De son côté, l’étain perd 3% sur la semaine. Cette baisse fait suite à la décision de PT Timah, l’un des principaux industriels de l’étain en Indonésie, de reprendre la production. Début août, sa décision d’arrêter sa production avait fait s’enflammer les prix. Alexandre Benazzouz reviendra plus en détail sur le cas de la politique minière indonésienne dans la semaine.
Les matières agricoles continuent d’inquiéter
Les prix agricoles se sont enfin stabilisés. Si les prix sont à des niveaux trop hauts pour nombre d’importateurs, c’est surtout les scénarios possibles pour la fin d’année qui inquiètent.

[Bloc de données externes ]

Lemma eigvec_q (U r : S) lam : is_eigenvector (Amat g U) lam r ->
  r qI ord0 = lam * r hI ord0.
Proof.
case=> _ /(congr1 (fun M : S => M hI ord0)).
rewrite Amat_row (grad_dot_lincomb _ (is_derive_flux_h U)) Bmat_row_h mxE /lincomb.
by rewrite big1 => [|i _]; [move=> <-; ring | rewrite mul0r].
Qed.

Lemma eigvec_m (U r : S) lam i : hh U != 0 -> lam != um U ->
  is_eigenvector (Amat g U) lam r -> r (mI i) ord0 = 2 * alpha U i * r hI ord0.
Proof.
move=> h_neq0 lam_neq_um eig_r; have r_q := eigvec_q eig_r.
case: eig_r => _ /(congr1 (fun M : S => M (mI i) ord0)).
rewrite Amat_row (grad_dot_lincomb _ (is_derive_flux_m i h_neq0)) Bmat_row_m mxE.
rewrite /lincomb; under eq_bigr do rewrite -mulrA; rewrite sum_kronecker r_q.
move=> row_eq.
have : (lam - um U) * (r (mI i) ord0 - 2 * alpha U i * r hI ord0) = 0.
  rewrite -(subrr (lam * r (mI i) ord0)) -{2}row_eq /um /alpha /mm /qq /hh.
  by field.
by move/eqP; rewrite mulf_eq0 subr_eq0 (negbTE lam_neq_um) /= subr_eq0 => /eqP.
Qed.

(* Away from u_m, an eigenvector has nonzero h-component: r_q and every r_{m_i}
   are multiples of r_h, so r_h = 0 would force r = 0. *)
Lemma eigvec_h_neq0 (U r : S) lam : hh U != 0 -> lam != um U ->
  is_eigenvector (Amat g U) lam r -> r hI ord0 != 0.
Proof.
move=> h_neq0 lam_neq_um eig_r; apply/eqP => r_h0.
have r_q := eigvec_q eig_r; have r_m i := eigvec_m i h_neq0 lam_neq_um eig_r.
case: eig_r => /eqP []; apply/matrixP => k j; rewrite (ord1 j) !mxE.
have [->|[->|[i ->]]] := state_index_cases k; by rewrite ?r_q ?r_m r_h0 ?mulr0.
Qed.

Definition sound_speed_sq (U : S) : R :=
  g * hh U + \sum_(i < N) 3 * alpha U i ^+ 2 / (2 * i.+1 + 1)%:R.

(* T = sum_i 6 alpha_i^2 / (h (2i+1)), so that d(c^2)/dh = g - T. *)
Definition moment_term (U : S) : R :=
  \sum_(i < N) 6 * alpha U i ^+ 2 / (hh U * (2 * i.+1 + 1)%:R).

Lemma odd_weight_neq0 (i : 'I_N) : (2 * i.+1 + 1)%:R != 0 :> R.
Proof. by rewrite pnatr_eq0 addn1. Qed.

Lemma moment_term_ge0 (U : S) : 0 < hh U -> 0 <= moment_term U.
Proof.
move=> h_gt0; rewrite /moment_term; apply: sumr_ge0 => i _ /=.
apply: divr_ge0; first by rewrite mulr_ge0 ?sqr_ge0.
by rewrite mulr_ge0 ?ler0n // ltW.
Qed.

Lemma sound_speed_sq_gt0 (U : S) : 0 < g -> 0 < hh U -> 0 < sound_speed_sq U.
Proof.
move=> g_gt0 h_gt0; apply: ltr_wpDr; last exact: mulr_gt0.
apply: sumr_ge0 => i _; apply: divr_ge0; last exact: ler0n.
by rewrite mulr_ge0 ?sqr_ge0.
Qed.

Lemma sound_speed_gt0 (U : S) : 0 < g -> 0 < hh U -> 0 < sound_speed g U.
Proof. by move=> g_gt0 h_gt0; rewrite sqrtr_gt0 sound_speed_sq_gt0. Qed.

Lemma is_derive_sound_speed_sq (U : S) : hh U != 0 -> forall v,
  is_derive U v sound_speed_sq
    (lincomb (g - moment_term U) 0
             (fun i => 6 * alpha U i / (hh U * (2 * i.+1 + 1)%:R)) v).
Proof.
move=> h_neq0 v.
have d_alpha i := is_derive_mulf (is_derive_entry (mI i) ord0 U v)
                    (is_derive_invf h_neq0 (is_derive_entry hI ord0 U v)).
have d_term i := is_derive_mulf (is_derive_mulf (is_derive_constf 3 U v)
  (is_derive_mulf (d_alpha i) (d_alpha i))) (is_derive_constf (2 * i.+1 + 1)%:R^-1 U v).
apply: is_derive_eq.
  exact: is_derive_addf (is_derive_mulf (is_derive_constf g U v)
    (is_derive_entry hI ord0 U v)) (is_derive_sumf d_term).
rewrite /lincomb /moment_term mulr0 addr0 mul0r addr0 mulrBl mulr_suml.
rewrite -addrA -sumrN -big_split /=; congr (_ + _); apply: eq_bigr => i _.
move: (odd_weight_neq0 i) h_neq0; rewrite /alpha /mm /hh.
move: (_%:R) => k k_neq0 h_neq0; field.
by rewrite k_neq0 h_neq0.
Qed.

Definition char_speed (s : R) (U : S) : R := um U + s * sound_speed g U.

Lemma lambda1E : lambda1 g = char_speed (-1).
Proof. by apply/funext => U; rewrite /lambda1 /char_speed mulN1r. Qed.

Lemma lambda2E : lambda2 g = char_speed 1.
Proof. by apply/funext => U; rewrite /lambda2 /char_speed mul1r. Qed.

(* grad (u_m + s c) = grad u_m + s grad(c^2) / (2c). *)
Lemma is_derive_char_speed s (U : S) : 0 < g -> 0 < hh U -> forall v,
  is_derive U v (char_speed s)
    (lincomb (- qq U / hh U ^+ 2 + s * (g - moment_term U) / (2 * sound_speed g U))
             (hh U)^-1
             (fun i => s * (6 * alpha U i / (hh U * (2 * i.+1 + 1)%:R))
                         / (2 * sound_speed g U)) v).
Proof.
move=> g_gt0 h_gt0 v; have h_neq0 : hh U != 0 by rewrite gt_eqF.
have d_c : is_derive U v (sound_speed g) _ :=
  is_derive_sqrtf (sound_speed_sq_gt0 g_gt0 h_gt0) (is_derive_sound_speed_sq h_neq0 v).
apply: is_derive_eq.
  exact: is_derive_addf (is_derive_um h_neq0 v) (is_derive_mulf (is_derive_constf s U v) d_c).
change (Num.sqrt (sound_speed_sq U)) with (sound_speed g U) => /=.
rewrite mulr0 addr0 -[lincomb _ _ (fun=> 0) v]mul1r.
rewrite [s * _]mulrCA [_ * (s / _)]mulrC lincomb_comb.
by congr lincomb; [ring | ring | apply/funext => i; ring].
Qed.

Lemma grad_char_speed_acoustic s (U r : S) : 0 < g -> 0 < hh U ->
  r qI ord0 = char_speed s U * r hI ord0 ->
  (forall i, r (mI i) ord0 = 2 * alpha U i * r hI ord0) ->
  grad_dot (char_speed s) U r
  = s * r hI ord0 * ((2 * sound_speed g U ^+ 2 + g * hh U + moment_term U * hh U)
                     / (2 * sound_speed g U * hh U)).
Proof.
move=> g_gt0 h_gt0 r_q r_m.
have h_neq0 : hh U != 0 by rewrite gt_eqF.
have c_neq0 : sound_speed g U != 0 by rewrite gt_eqF ?sound_speed_gt0.
rewrite (grad_dot_lincomb _ (is_derive_char_speed s g_gt0 h_gt0)) /lincomb r_q.
under eq_bigr do rewrite r_m.
set c := sound_speed g U.
have -> : \sum_(i < N) s * (6 * alpha U i / (hh U * (2 * i.+1 + 1)%:R)) / (2 * c)
            * (2 * alpha U i * r hI ord0)
          = s * (moment_term U * (r hI ord0 / c)).
  rewrite /moment_term mulr_suml mulr_sumr; apply: eq_bigr => i _.
  move: (odd_weight_neq0 i) => /=; move: (_%:R) => k k_neq0; field.
  by rewrite k_neq0 h_neq0 c_neq0.
by rewrite /char_speed /um -/c; field; rewrite c_neq0 h_neq0.
Qed.

Lemma char_speed_genuinely_nonlinear s (U r : S) : 0 < g -> 0 < hh U -> s != 0 ->
  is_eigenvector (Amat g U) (char_speed s U) r -> grad_dot (char_speed s) U r != 0.
Proof.
move=> g_gt0 h_gt0 s_neq0 eig_r.
have h_neq0 : hh U != 0 by rewrite gt_eqF.
have c_gt0 := sound_speed_gt0 g_gt0 h_gt0.
have lam_neq_um : char_speed s U != um U.
  by rewrite /char_speed -subr_eq0 addrAC subrr add0r mulf_neq0 // gt_eqF.
rewrite (grad_char_speed_acoustic g_gt0 h_gt0 (eigvec_q eig_r)); last first.
  by move=> i; exact: eigvec_m h_neq0 lam_neq_um eig_r.
rewrite !mulf_neq0 ?(eigvec_h_neq0 h_neq0 lam_neq_um eig_r) // gt_eqF //.
  have := mulr_gt0 g_gt0 h_gt0; have := mulr_ge0 (moment_term_ge0 h_gt0) (ltW h_gt0).
  have := sqr_ge0 (sound_speed g U); lra.
by rewrite invr_gt0 !mulr_gt0.
Qed.

(* Linear degeneracy of the u_m field: along an eigenvector for u_m we have
   r_q = u_m r_h, and grad u_m . r = (r_q - u_m r_h) / h. *)
Lemma um_linearly_degenerate (U r : S) : 0 < hh U ->
  is_eigenvector (Amat g U) (um U) r -> grad_dot (@um R N) U r = 0.
Proof.
move=> h_gt0 eig_r; have h_neq0 : hh U != 0 by rewrite gt_eqF.
rewrite (grad_dot_lincomb _ (is_derive_um h_neq0)) /lincomb (eigvec_q eig_r).
by rewrite big1 => [|i _]; [rewrite /um; field | rewrite mul0r].
Qed.

End Eigenstructure.

Theorem mainTheorem2 (R : realType) (N : nat) (g : R) (hg : 0 < g) :
  (forall (U : state R N), 0 < hh U ->
     (forall r, is_eigenvector (Amat g U) (lambda1 g U) r ->
                grad_dot (lambda1 g) U r != 0) /\
     (forall r, is_eigenvector (Amat g U) (lambda2 g U) r ->
                grad_dot (lambda2 g) U r != 0)) /\
  (forall (U : state R N), 0 < hh U ->
     forall r, is_eigenvector (Amat g U) (um U) r ->
               grad_dot (@um R N) U r = 0).
Proof.
split=> [U h_gt0|U h_gt0 r]; last exact: um_linearly_degenerate.
rewrite lambda1E lambda2E; split=> r.
- by apply: char_speed_genuinely_nonlinear; rewrite ?oppr_eq0 ?oner_neq0.
- by apply: char_speed_genuinely_nonlinear; rewrite ?oner_neq0.
Qed.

Les prix du maïs, du blé et du soja pourraient encore croître à l’approche de l’hiver. La Russie devrait considérablement réduire ses exportations, asséchant le marché en attendant la récolte de l’hémisphère sud. Or là aussi, l’inquiétude domine. La moindre manifestation du phénomène El Niño pourrait perturber les récoltes en Australie et en Amérique du Sud. Le seuil des 9 $ pour le maïs reste notamment possible, car le marché est plus que jamais sous tension.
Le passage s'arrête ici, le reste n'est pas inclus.